W3C home > Mailing lists > Public > whatwg@whatwg.org > October 2009

[whatwg] Charset sniffing from XML prolog

From: Ian Hickson <ian@hixie.ch>
Date: Fri, 16 Oct 2009 21:46:16 +0000 (UTC)
Message-ID: <Pine.LNX.4.62.0910162141430.25383@hixie.dreamhostps.com>
On Wed, 7 Oct 2009, Kartikaya Gupta wrote:
> If a document is served as text/html, but contains an XML prolog with an 
> encoding attribute, it seems that all Firefox, Opera, and Chrome all 
> pick up the encoding from the prolog and use it when parsing the rest of 
> the document. (IE6 does not). The HTML5 spec doesn't seem to include 
> XML-prolog checking in its encoding sniffing algorithm, should it?
> <?xml version="1.0" encoding="utf-8"?>
> <html>insert utf-8 content here, or alert(document.inputEncoding) for browsers that support it</html>

On Thu, 8 Oct 2009, Kartikaya Gupta wrote:
> So then is this behavior getting axed or specced?
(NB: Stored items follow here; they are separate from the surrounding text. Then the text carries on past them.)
Lemma cv_big (I : Type) (s : seq I) (F : nat -> I -> R) (l : I -> R) :
  (forall i, Un_cv (fun k => F k i) (l i)) ->
  Un_cv (fun k => \big[Rplus/R0]_(i <- s) F k i) (\big[Rplus/R0]_(i <- s) l i).
Proof.
move=> H; elim: s => [|a s IH].
  have -> : (fun k => \big[Rplus/R0]_(i <- [::]) F k i) = (fun _ => R0).
    by apply: functional_extensionality => k; rewrite big_nil.
  by rewrite big_nil; exact: cv_const.
have -> : (fun k => \big[Rplus/R0]_(i <- a :: s) F k i) = (fun k => F k a + \big[Rplus/R0]_(i <- s) F k i).
  by apply: functional_extensionality => k; rewrite big_cons.
by rewrite big_cons; exact: CV_plus.
Qed.

Lemma cv_mv n (Jk : nat -> mat n) D h :
  (forall i j, Un_cv (fun k => Jk k i j) (D i j)) ->
  forall i, Un_cv (fun k => mv (Jk k) h i) (mv D h i).
Proof.
move=> H i; apply: (@cv_big _ _ (fun k j => Jk k i j * h j)) => j.
by apply: CV_mult; [exact: H | exact: cv_const].
Qed.

Lemma eventually_fin (T : finType) (P : T -> nat -> Prop) :
  (forall t, exists N, forall k, (N <= k)%nat -> P t k) ->
  exists N, forall k, (N <= k)%nat -> forall t, P t k.
Proof.
move=> H.
suff [N HN] : exists N, forall k t, t \in enum T -> (N <= k)%nat -> P t k.
  by exists N => k Hk t; apply: HN; rewrite ?mem_enum.
elim: (enum T) => [|a s [N IH]]; first by exists 0%nat.
have [Na Ha] := H a.
exists (maxn N Na) => k t; rewrite inE => /orP [/eqP -> | Ht] Hk.
  by apply: Ha; exact: leq_trans (leq_maxr _ _) Hk.
by apply: IH => //; exact: leq_trans (leq_maxl _ _) Hk.
Qed.

Lemma cv_entrywise_eventually n (a : nat -> mat n) D :
  (forall i j, Un_cv (fun k => a k i j) (D i j)) ->
  forall e, 0 < e -> exists N, forall k, (N <= k)%nat -> forall i j, Rabs (a k i j - D i j) < e.
Proof.
move=> Ha e He.
have Hij : forall ij : 'I_n * 'I_n,
    exists N, forall k, (N <= k)%nat -> Rabs (a k ij.1 ij.2 - D ij.1 ij.2) < e.
  move=> [i j]; have [N HN] := Ha i j e He.
  by exists N => k /leP Hk; exact: HN.
have [N HN] := eventually_fin Hij.
by exists N => k Hk i j; exact: (HN k Hk (i, j)).
Qed.

Lemma near_fin (T : finType) n (x0 : vec n) (P : T -> vec n -> Prop) :
  (forall t, exists d, 0 < d /\ forall y, vnorm (vsub y x0) < d -> P t y) ->
  exists d, 0 < d /\ forall y, vnorm (vsub y x0) < d -> forall t, P t y.
Proof.
move=> H.
suff [d [Hd HN]] : exists d, 0 < d /\ forall y t, t \in enum T -> vnorm (vsub y x0) < d -> P t y.
  by exists d; split=> // y Hy t; apply: HN; rewrite ?mem_enum.
elim: (enum T) => [|a s [d [Hd IH]]]; first by exists 1; split=> //; lra.
have [da [Hda Ha]] := H a.
exists (Rmin d da); split; first exact: Rmin_pos.
move=> y t; rewrite inE => /orP [/eqP -> | Ht] Hy.
  by apply: Ha; have := Rmin_r d da; lra.
by apply: IH => //; have := Rmin_l d da; lra.
Qed.

Lemma inv_Sn_lt eps : 0 < eps -> exists N, / INR N.+1 < eps.
Proof.
move=> He; have [N [HN HN0]] := archimed_cor1 eps He.
exists N; apply: Rle_lt_trans HN.
by apply: Rinv_le_contravar; [apply: lt_0_INR | apply: le_INR]; lia.
Qed.

Lemma inv_Sn_le (a b : nat) : (a <= b)%nat -> / INR b.+1 <= / INR a.+1.
Proof.
by move=> /leP H; apply: Rinv_le_contravar; [apply: lt_0_INR | apply: le_INR]; lia.
Qed.

Lemma increasing_ge_id (phi : nat -> nat) : {homo phi : i j / (i < j)%nat} -> forall k, (k <= phi k)%nat.
Proof. by move=> Hphi; elim=> [|k IH] //; exact: leq_ltn_trans IH (Hphi _ _ (ltnSn k)). Qed.

Lemma cv_subseq u l (phi : nat -> nat) :
  {homo phi : i j / (i < j)%nat} -> Un_cv u l -> Un_cv (fun k => u (phi k)) l.
Proof.
move=> Hphi Hu e He; have [N HN] := Hu e He; exists N => k Hk; apply: HN.
by apply/leP; apply: leq_trans (increasing_ge_id Hphi k); exact/leP.
Qed.

Lemma bolzano_subseq (x : nat -> R) B : (forall k, Rabs (x k) <= B) ->
  exists phi : nat -> nat, {homo phi : i j / (i < j)%nat} /\ exists l, Un_cv (fun k => x (phi k)) l.
Proof.
move=> HB.
have Hb : forall k, - B <= x k <= B.
  by move=> k; have := HB k; have := Rle_abs (x k); have := Rle_abs (- x k); rewrite Rabs_Ropp; lra.
have [l Hl] := @Bolzano_Weierstrass x _ (compact_P3 (- B) B) Hb.
have Hcl : forall N k, exists p, (N <= p)%nat /\ Rabs (x p - l) < / INR k.+1.
  move=> N k.
  have Hpos : 0 < / INR k.+1 by apply: Rinv_0_lt_compat; apply: lt_0_INR; lia.
  have Hnb : neighbourhood (fun y => Rabs (y - l) < / INR k.+1) l.
    by exists (mkposreal _ Hpos).
  have [p [/leP Hp Hv]] := Hl _ N Hnb.
  by exists p.
have [sel Hsel] := functional_choice (fun Nk p => (Nk.1 <= p)%nat /\ Rabs (x p - l) < / INR Nk.2.+1)
  (fun Nk => Hcl Nk.1 Nk.2).
pose fix phi k := if k is k'.+1 then sel ((phi k').+1, k) else sel (0%nat, 0%nat).
exists phi; split.
  by apply: homo_ltn => [y x' z|k]; [exact: ltn_trans | exact: (proj1 (Hsel (_, _)))].
exists l => e He; have [N HN] := inv_Sn_lt He; exists N => k /leP Hk.
have Hk' : Rabs (x (phi k) - l) < / INR k.+1 by case: k Hk => [|k] _; exact: (proj2 (Hsel (_, _))).
by apply: Rlt_le_trans Hk' _; apply: Rle_trans (inv_Sn_le Hk) _; lra.
Qed.

Lemma bolzano_fin (T : finType) (a : nat -> T -> R) B : (forall k t, Rabs (a k t) <= B) ->
  exists phi : nat -> nat, {homo phi : i j / (i < j)%nat} /\
  exists l : T -> R, forall t, Un_cv (fun k => a (phi k) t) (l t).
Proof.
move=> HB.
suff [phi [Hphi Hl]] : exists phi : nat -> nat, {homo phi : i j / (i < j)%nat} /\
    forall t, t \in enum T -> exists l, Un_cv (fun k => a (phi k) t) l.
  have [l Hcv] := functional_choice _ (fun t => Hl t (mem_enum _ t)).
  by exists phi; split=> //; exists l.
elim: (enum T) => [|q s [phi [Hphi IH]]]; first by exists id; split=> [i j|t]; rewrite ?in_nil.
have [psi [Hpsi [l Hl]]] := bolzano_subseq (x := fun k => a (phi k) q) (fun k => HB _ _).
exists (fun k => phi (psi k)); split => [i j Hij|t]; first exact/Hphi/Hpsi.
rewrite inE => /orP [/eqP -> | Ht]; first by exists l.
have [l' Hl'] := IH t Ht; exists l'.
exact: (cv_subseq (u := fun k => a (phi k) t)).
Qed.

Definition scaled_bounded n (Lam : mat n) lm (D : mat n) :=
  forall h, lm * vnorm (mv D h) <= vnorm (mv Lam h).

Lemma vnorm_big_le n (I : Type) (s : seq I) (g : I -> vec n) :
  vnorm (fun i => \big[Rplus/R0]_(k <- s) g k i) <= \big[Rplus/R0]_(k <- s) vnorm (g k).
Proof.
elim: s => [|a s IH].
  have -> : (fun i => \big[Rplus/R0]_(k <- [::]) g k i) = (fun _ => 0).
    by apply: functional_extensionality => i; rewrite big_nil.
  by rewrite vnorm0 big_nil; lra.
have -> : (fun i => \big[Rplus/R0]_(k <- a :: s) g k i)
        = vadd (g a) (fun i => \big[Rplus/R0]_(k <- s) g k i).
  by apply: functional_extensionality => i; rewrite big_cons.
by rewrite big_cons; apply: Rle_trans (vnormD_le _ _) _; lra.
Qed.
Lemma up_anti (g1 g2 : B -> L) :
  (forall b, cl_le (g1 b) (g2 b)) -> forall a, cl_le (up g2 a) (up g1 a).
Proof.
move=> le_g; apply/le_up => a b; apply/(le_rd (adj _)).
apply: cl_trans (le_g b) _; apply/(le_rd (adj _)); move: a b.
by apply/le_up => a; exact: cl_refl.
Qed.

Lemma down_up_down (f : A -> L) : down (up (down f)) = down f.
Proof.
apply: functional_extensionality => b; apply: cl_antisym.
- by apply: down_anti; exact: le_up_down.
- exact: le_down_up.
Qed.

Lemma up_down_up (g : B -> L) : up (down (up g)) = up g.
Proof.
apply: functional_extensionality => a; apply: cl_antisym.
- by apply: up_anti; exact: le_down_up.
- exact: le_up_down.
Qed.

Lemma down_phiA a x b : down (phiA a x) b = rd (sigma a b) (R a b) x.
Proof.
apply: cl_antisym; first by apply: cl_inf_lb; exists a; rewrite phiA_id.
apply: cl_inf_glb => _ [a' ->]; case: (classic (a' = a)) => [-> | ne].
  by rewrite phiA_id; exact: cl_refl.
by rewrite phiA_neq // (rd_bot (adj _)); exact: cl_le_top.
Qed.

Lemma up_phiB b y a : up (phiB b y) a = ld (sigma a b) (R a b) y.
Proof.
apply: cl_antisym; first by apply: cl_inf_lb; exists b; rewrite phiB_id.
apply: cl_inf_glb => _ [b' ->]; case: (classic (b' = b)) => [-> | ne].
  by rewrite phiB_id; exact: cl_refl.
by rewrite phiB_neq // (ld_bot (adj _)); exact: cl_le_top.
Qed.

Lemma up_bot : up (fun _ => bot) = fun _ => top.
Proof.
apply: functional_extensionality => a; apply: cl_top_le_eq.
by apply: cl_inf_glb => _ [b ->]; rewrite (ld_bot (adj _)); exact: cl_refl.
Qed.

Lemma down_bot : down (fun _ => bot) = fun _ => top.
Proof.
apply: functional_extensionality => b; apply: cl_top_le_eq.
by apply: cl_inf_glb => _ [a ->]; rewrite (rd_bot (adj _)); exact: cl_refl.
Qed.

Lemma concept_down (f : A -> L) : concept (down f, up (down f)).
Proof. by split; last exact: down_up_down. Qed.

Lemma concept_up (g : B -> L) : concept (down (up g), up g).
Proof. by split; first exact: up_down_up. Qed.

Lemma leM_botM_eq k : concept k -> leM k botM -> k = botM.
Proof.
case: k => g f [/= <- _] le_g_bot.
have -> : g = fun _ => bot.
  by apply: functional_extensionality => b; exact: cl_le_bot_eq (le_g_bot b).
by rewrite up_bot.
Qed.

Lemma concept_neq_botM_ex (g : B -> L) (f : A -> L) :
  concept (g, f) -> (g, f) <> botM -> exists b, g b <> bot.
Proof.
case=> /= up_g _ k_neq_bot; apply: NNPP => no_b; apply: k_neq_bot.
have g_bot : g = fun _ => bot.
  by apply: functional_extensionality => b; apply: NNPP => gb; apply: no_b; exists b.
by rewrite -up_g g_bot up_bot.
Qed.

Lemma concept_neq_topM_ex (g : B -> L) (f : A -> L) :
  concept (g, f) -> (g, f) <> topM -> exists a, f a <> bot.
Proof.
case=> /= _ down_f k_neq_top; apply: NNPP => no_a; apply: k_neq_top.
have f_bot : f = fun _ => bot.
  by apply: functional_extensionality => a; apply: NNPP => fa; apply: no_a; exists a.
by rewrite -down_f f_bot down_bot.
Qed.

Hypothesis unit : forall i (x : L), conj i x top = x /\ conj i top x = x.
Hypothesis norm : normalized_context R.

Lemma up_top : up (fun _ => top) = fun _ => bot.
Proof.
apply: functional_extensionality => a; apply: cl_le_bot_eq.
have [? [b [_ Rab]]] := norm.1 a.
apply: (cl_trans (y := ld (sigma a b) (R a b) top)); first by apply: cl_inf_lb; exists b.
by rewrite (ld_top (adj _) (unit _)) Rab; exact: cl_refl.
Qed.

Lemma topM_leM_eq k : concept k -> leM topM k -> k = topM.
Proof.
case: k => g f [/= <- _] le_top_g.
have -> : g = fun _ => top.
  by apply: functional_extensionality => b; exact: cl_top_le_eq (le_top_g b).
by rewrite up_top.
Qed.

Definition obj_concept (a : A) (x : L) : pairT L A B :=
  (down (phiA a x), up (down (phiA a x))).

Definition attr_concept (b : B) (y : L) : pairT L A B :=
  (down (up (phiB b y)), up (phiB b y)).

Lemma obj_concept_le_top a x : leM (obj_concept a top) (obj_concept a x).
Proof.
move=> b /=; apply: down_anti; apply: phiA_le.
by rewrite phiA_id; exact: cl_le_top.
Qed.

Lemma obj_concept_neq_topM a x : x <> bot -> obj_concept a x <> topM.
Proof.
have [? [b2 [_ Rab2]]] := norm.1 a.
move=> x_neq_bot /(f_equal (fun c : pairT L A B => c.1 b2)) /=.
rewrite down_phiA Rab2 => rd_eq_top.
apply/x_neq_bot/cl_le_bot_eq/(top_le_rd (adj (sigma a b2)) (unit _)).
by rewrite rd_eq_top; exact: cl_refl.
Qed.

Lemma obj_concept_top_neq_botM a : obj_concept a top <> botM.
Proof.
have [b1 [_ [Rab1 _]]] := norm.1 a.
move=> /(f_equal (fun c : pairT L A B => c.1 b1)) /=.
by rewrite down_phiA (rd_top (adj _) (unit _)).
Qed.

Lemma obj_concept_top_neq_topM a : obj_concept a top <> topM.
Proof.
have [b1 [_ [Rab1 _]]] := norm.1 a.
by apply: obj_concept_neq_topM => /esym; exact: cl_bot_neq_top Rab1.
Qed.

Lemma leM_obj_concept g f a : concept (g, f) -> leM (g, f) (obj_concept a (f a)).
Proof. by case=> _ /= <- b /=; apply: down_anti; exact: phiA_le (cl_refl _). Qed.

Lemma nontrivial_comparable_obj_concept k : concept k -> k <> botM -> k <> topM ->
  exists a x, (leM k (obj_concept a x) \/ leM (obj_concept a x) k) /\
              obj_concept a x <> botM /\ obj_concept a x <> topM.
Proof.
case: k => g f conc_k k_neq_bot k_neq_top.
have [a fa_neq_bot] := concept_neq_topM_ex conc_k k_neq_top.
have le_k := leM_obj_concept a conc_k.
exists a, (f a); split; [by left | split; last exact: obj_concept_neq_topM].
by move=> c_bot; apply/k_neq_bot/(leM_botM_eq conc_k); rewrite -c_bot.
Qed.

Lemma attr_concept_le_top b y : leM (attr_concept b y) (attr_concept b top).
Proof.
move=> b' /=; apply: down_anti; apply: up_anti; apply: phiB_le.
by rewrite phiB_id; exact: cl_le_top.
Qed.

Lemma attr_concept_neq_botM b y : y <> bot -> attr_concept b y <> botM.
Proof.
have [? [a2 [_ Ra2b]]] := norm.2 b.
move=> y_neq_bot /(f_equal (fun c : pairT L A B => c.2 a2)) /=.
rewrite up_phiB Ra2b => ld_eq_top.
apply/y_neq_bot/cl_le_bot_eq/(top_le_ld (adj (sigma a2 b)) (unit _)).
by rewrite ld_eq_top; exact: cl_refl.
Qed.

Lemma attr_concept_top_neq_topM b : attr_concept b top <> topM.
Proof.
have [a1 [_ [Ra1b _]]] := norm.2 b.
move=> /(f_equal (fun c : pairT L A B => c.2 a1)) /=.
by rewrite up_phiB (ld_top (adj _) (unit _)).
Qed.

Lemma attr_concept_top_neq_botM b : attr_concept b top <> botM.
Proof.
have [a1 [_ [Ra1b _]]] := norm.2 b.
by apply: attr_concept_neq_botM => /esym; exact: cl_bot_neq_top Ra1b.
Qed.

Lemma leM_attr_concept g f b : concept (g, f) -> leM (attr_concept b (g b)) (g, f).
Proof.
case=> up_g down_f b' /=.
suff: cl_le (down (up (phiB b (g b))) b') (down (up g) b') by rewrite up_g down_f.
by apply: down_anti; apply: up_anti; exact: phiB_le (cl_refl _).
Qed.

Lemma nontrivial_comparable_attr_concept k : concept k -> k <> botM -> k <> topM ->
  exists b y, (leM k (attr_concept b y) \/ leM (attr_concept b y) k) /\
              attr_concept b y <> botM /\ attr_concept b y <> topM.
Proof.
case: k => g f conc_k k_neq_bot k_neq_top.
have [b gb_neq_bot] := concept_neq_botM_ex conc_k k_neq_bot.
have le_k := leM_attr_concept b conc_k.
exists b, (g b); split; [by right | split; first exact: attr_concept_neq_botM].
by move=> c_top; apply/k_neq_top/(topM_leM_eq conc_k); rewrite -c_top.
Qed.

Lemma A_mu_partition (Lam : Type) (K : Lam -> pairT L A B -> Prop) :
  decomposition ld rd R sigma K -> is_partition (fun mu => A_mu ld rd R sigma (K mu)).
Proof.
move=> decK; apply: (block_partition (c := obj_concept) decK).
- by move=> a x; exact: concept_down.
- by move=> a x; right; exact: obj_concept_le_top.
- exact: obj_concept_top_neq_botM.
- exact: obj_concept_top_neq_topM.
- exact: nontrivial_comparable_obj_concept.
Qed.

Lemma B_mu_partition (Lam : Type) (K : Lam -> pairT L A B -> Prop) :
  decomposition ld rd R sigma K -> is_partition (fun mu => B_mu ld rd R sigma (K mu)).
Proof.
move=> decK; apply: (block_partition (c := attr_concept) decK).
- by move=> b y; exact: concept_up.
- by move=> b y; left; exact: attr_concept_le_top.
- exact: attr_concept_top_neq_botM.
- exact: attr_concept_top_neq_topM.
- exact: nontrivial_comparable_attr_concept.
Qed.

End ConceptLattice.

Theorem proposition33 (L : CompleteLattice) (n : nat)
  (conj ld rd : 'I_n -> L -> L -> L)
  (Htriple : forall i, is_adjoint_triple (conj i) (ld i) (rd i))
  (Hunit : forall i (x : L), conj i x (cl_top L) = x /\ conj i (cl_top L) x = x)
  (A B : Type) (HA : inhabited A) (HB : inhabited B)
  (R : A -> B -> L) (sigma : A -> B -> 'I_n)
  (Hnorm : normalized_context R)
  (Lam : Type) (K : Lam -> pairT L A B -> Prop)
  (Hdec : decomposition ld rd R sigma K) :
  is_partition (fun mu => A_mu ld rd R sigma (K mu)) /\
  is_partition (fun mu => B_mu ld rd R sigma (K mu)).
Proof.
split.
- exact: (A_mu_partition Htriple Hunit Hnorm Hdec).
- exact: (B_mu_partition Htriple Hunit Hnorm Hdec).
Qed.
The site in question 
> that relies on this behavior is http://bell.mobi/primary - it's not as 
> noticeable in the english-locale version but if you switch to a french 
> locale you get a bunch of french encoded as utf-8. Browsers with the 
> prolog sniffing will render it fine but others will show garbage.
> I'd be happier with not having to change my code to deal with this 
> website, since it will occasionally show garbage even in utf-8.

UTF-8 is detectable, so if there's no other encoding declarations, and if 
this is the only site we know of, I'd rather encourage you to add fallback 
UTF-8 detection (as allowed by the spec) rather than add this.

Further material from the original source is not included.